STOP: TOTAL NO. of ITERATIONS REACHED LIMIT.

Increase the number of iterations (max_iter) or scale the data as shown in:
    https://scikit-learn.org/stable/modules/preprocessing.html
Please also refer to the documentation for alternative solver options:
    https://scikit-learn.org/stable/modules/linear_model.html#logistic-regression
  n_iter_i = _check_optimize_result(


In [14]:
predictions_log_reg_train = log_reg_pipe.predict(X_train)
predictions_log_reg_test = log_reg_pipe.predict(X_test)

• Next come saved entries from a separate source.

Let j := ex_minn stop_exists.

Let stop_j : stop j.
Proof. by rewrite /j; case: ex_minnP. Qed.

Let before_j i : i < j -> ~~ stop i.
Proof.
rewrite /j; case: ex_minnP => m _ min_m lt_im.
by apply/negP => /min_m; rewrite leqNgt lt_im.
Qed.

Let v := walk j.
Let C := \bigcup_(i < j) [set walk i; n1 (walk i)].
Let D := C :|: [set v; b].

Let CP x : x \in C -> exists2 i, i < j & x = walk i \/ x = n1 (walk i).
Proof. by case/bigcupP=> i _; rewrite !inE => /orP[]/eqP->; exists i; auto. Qed.

Let walk_C i : i < j -> walk i \in C.
Proof. by move=> lt_ij; apply/bigcupP; exists (Ordinal lt_ij); rewrite ?inE ?eqxx. Qed.

Let n1_walk_C i : i < j -> n1 (walk i) \in C.
Proof. by move=> lt_ij; apply/bigcupP; exists (Ordinal lt_ij); rewrite ?inE ?eqxx ?orbT. Qed.

Let matches_C : matches r C n1.
Proof.
move=> x /CP[i lt_ij ex]; have := before_j lt_ij.
rewrite !negb_or => /and3P[na nc _].
have [xX xac] : x \in X /\ (x != a) && (x != c).
  case: ex => ->; first by rewrite walk_in na nc.
  by have [] := n1M (walk_in i); rewrite -negb_or n1_ac negb_or na nc.
have [_ n1x n1xK _] := n1M xX; case/andP: xac => xa xc.
split=> //; last exact: n1_edge.
by case: ex => ->; rewrite ?n1K ?walk_C ?n1_walk_C.
Qed.

Let v_notin_C : v \notin C.
Proof.
apply/negP => /CP[i lt_ij [/esym|] E]; last by have := n1_walk_neq i j; rewrite -E eqxx.
have lt_pred : (j - i).-1 < j by move: lt_ij; clear; lia.
have ji : (j - i).-1.+1 = j - i by rewrite prednK // subn_gt0.
move: (walk_eq (ltnW lt_ij) E); rewrite -ji walkS => /(congr1 n2).
rewrite n2K n2d => n1b.
by have := before_j lt_pred; rewrite /stop n1b eqxx !orbT.
Qed.

Let b_notin_C : b \notin C.
Proof.
have [k n1k] := n1_walk_b; apply/negP => /CP[i lt_ij [E|E]].
  by have := n1_walk_neq k i; rewrite n1k E eqxx.
by have := before_j lt_ij; rewrite /stop -E eqxx !orbT.
Qed.

Let v_neq_b : v != b.
Proof. by have [k n1k] := n1_walk_b; rewrite -n1k eq_sym n1_walk_neq. Qed.

Let r_v_b : r v b.
Proof.
have := stop_j; rewrite /stop -/v.
case: eqP => [->//|va]; case: eqP => [->//|vc] /= /eqP <-.
by apply: n1_edge; rewrite ?walk_in //; apply/eqP.
Qed.

Let walk_D i : i <= j -> walk i \in D.
Proof.
by rewrite leq_eqVlt => /orP[/eqP->|/walk_C iC]; rewrite !inE ?eqxx ?iC ?orbT.
Qed.

Let n2_walk_D i : i <= j -> n2 (walk i) \in D.
Proof.
by case: i => [_|i /n1_walk_C iC]; rewrite ?n2d ?walkS ?n2K !inE ?eqxx ?iC ?orbT.
Qed.

Let n2_D x : x \in D -> n2 x \in D.
Proof.
case/setUP => [/CP[i lt_ij [->|->]]|]; first exact/n2_walk_D/ltnW.
  by rewrite -walkS; apply: walk_D.
case/set2P=> ->; first exact: (n2_walk_D (leqnn j)).
by rewrite -n2d n2K (walk_D (leq0n j)).
Qed.

Let matches_outside_D : matches r (X :\: D) n2.
Proof.
move=> x /setDP[xX xD]; have [n2X n2x n2xK _] := n2M xX.
split=> //; first by rewrite inE n2X andbT; apply: contra xD => /n2_D; rewrite n2xK.
apply: n2_edge => //; apply: contraNneq xD => ->; last exact: (walk_D (leq0n j)).
by rewrite !inE eqxx !orbT.
Qed.

Lemma matchable_switch : matchable r X.
Proof.
have DX : D \subset X.
  apply/subsetP => x /setUP[/CP[i _ [->|->]]|/set2P[]->] //; try exact: walk_in.
  by have [] := n1M (walk_in i).
rewrite -(setID X D) (setIidPr DX).
apply: matchableU; last by exists n2; apply: matches_outside_D.
  by rewrite disjoint_sym disjoints_subset setDE subsetIr.
apply: matchableU; last by apply: matchable_pair v_neq_b r_v_b _; rewrite r_sym.
  rewrite disjoint_sym disjoints_subset; apply/subsetP => x /set2P[]->.
    by rewrite inE v_notin_C.
  by rewrite inE b_notin_C.
by exists n1; apply: matches_C.
Qed.

End Switching.

(* With f injecting the odd components of X - S into S, X is covered by the even
   cliques K + f K (K odd), K (K even) and the unused part of S. *)
Section UniversalCliques.
Variables (V : finType) (r : rel V) (X S : {set V}) (f : {set V} -> V).
Hypotheses (r_sym : symmetric r) (SX : S \subset X) (evX : ~~ odd #|X|).
Hypothesis univ : forall s w, s \in S -> w \in X -> w != s -> r s w.
Let Y := X :\: S.
Let O := odd_comps r Y.
Hypothesis cliq : forall K, K \in comps r Y -> {in K &, forall x y, x != y -> r x y}.
Implicit Types (K : {set V}) (x y : V).
Hypotheses (fS : {in O, forall K, f K \in S}) (f_inj : {in O &, injective f}).

Let block K := if odd #|K| then f K |: K else K.
Let rest := S :\: f @: O.

Let comps_notin_S K x : K \in comps r Y -> x \in K -> x \notin S.
Proof. by move=> /comps_sub/subsetP sKY /sKY; rewrite inE => /andP[]. Qed.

### Step 4: Model Evaluation

In [15]:
# Calculate accuracy
accuracy_train = accuracy_score(y_train, predictions_log_reg_train)
accuracy_test = accuracy_score(y_test, predictions_log_reg_test)

# Calculate precision
precision_train = precision_score(y_train, predictions_log_reg_train)
precision_test = precision_score(y_test, predictions_log_reg_test)

# Calculate recall
recall_train = recall_score(y_train, predictions_log_reg_train)
recall_test = recall_score(y_test, predictions_log_reg_test)

# Calculate AUC score
auc_train = roc_auc_score(y_train, log_reg_pipe.predict_proba(X_train)[:, 1])
auc_test = roc_auc_score(y_test, log_reg_pipe.predict_proba(X_test)[:, 1])

# Print the evaluation metrics
print("Logistic Regression Model Evaluation:")
print("Training Accuracy:", accuracy_train)
print("Test Accuracy:", accuracy_test)
print("Training Precision:", precision_train)
print("Test Precision:", precision_test)
print("Training Recall:", recall_train)
print("Test Recall:", recall_test)
print("Training AUC:", auc_train)
print("Test AUC:", auc_test)

Logistic Regression Model Evaluation:
Training Accuracy: 0.8088740255237286
Test Accuracy: 0.8105224306277892
Training Precision: 0.8292903172844067
Test Precision: 0.8334769230769231
Training Recall: 0.609784806688196
Test Recall: 0.6119645761792879
Training AUC: 0.8521443872878045
Test AUC: 0.8525836012854449


### Step 5: Finding best model: Cross Validation

In [16]:
# Evaluate using cross validation 
results_lr = cross_val_score(log_reg_pipe, X_train, y_train, cv=4, scoring="accuracy", n_jobs=-1) 
np.mean(results_lr)

0.8085831982130803

❓❓❓ **TASK**

You can experiment with a variety of machine learning models, set-ups (different pre-processing pipelines) and cross-validation.
Afterwards you can evaluate these models.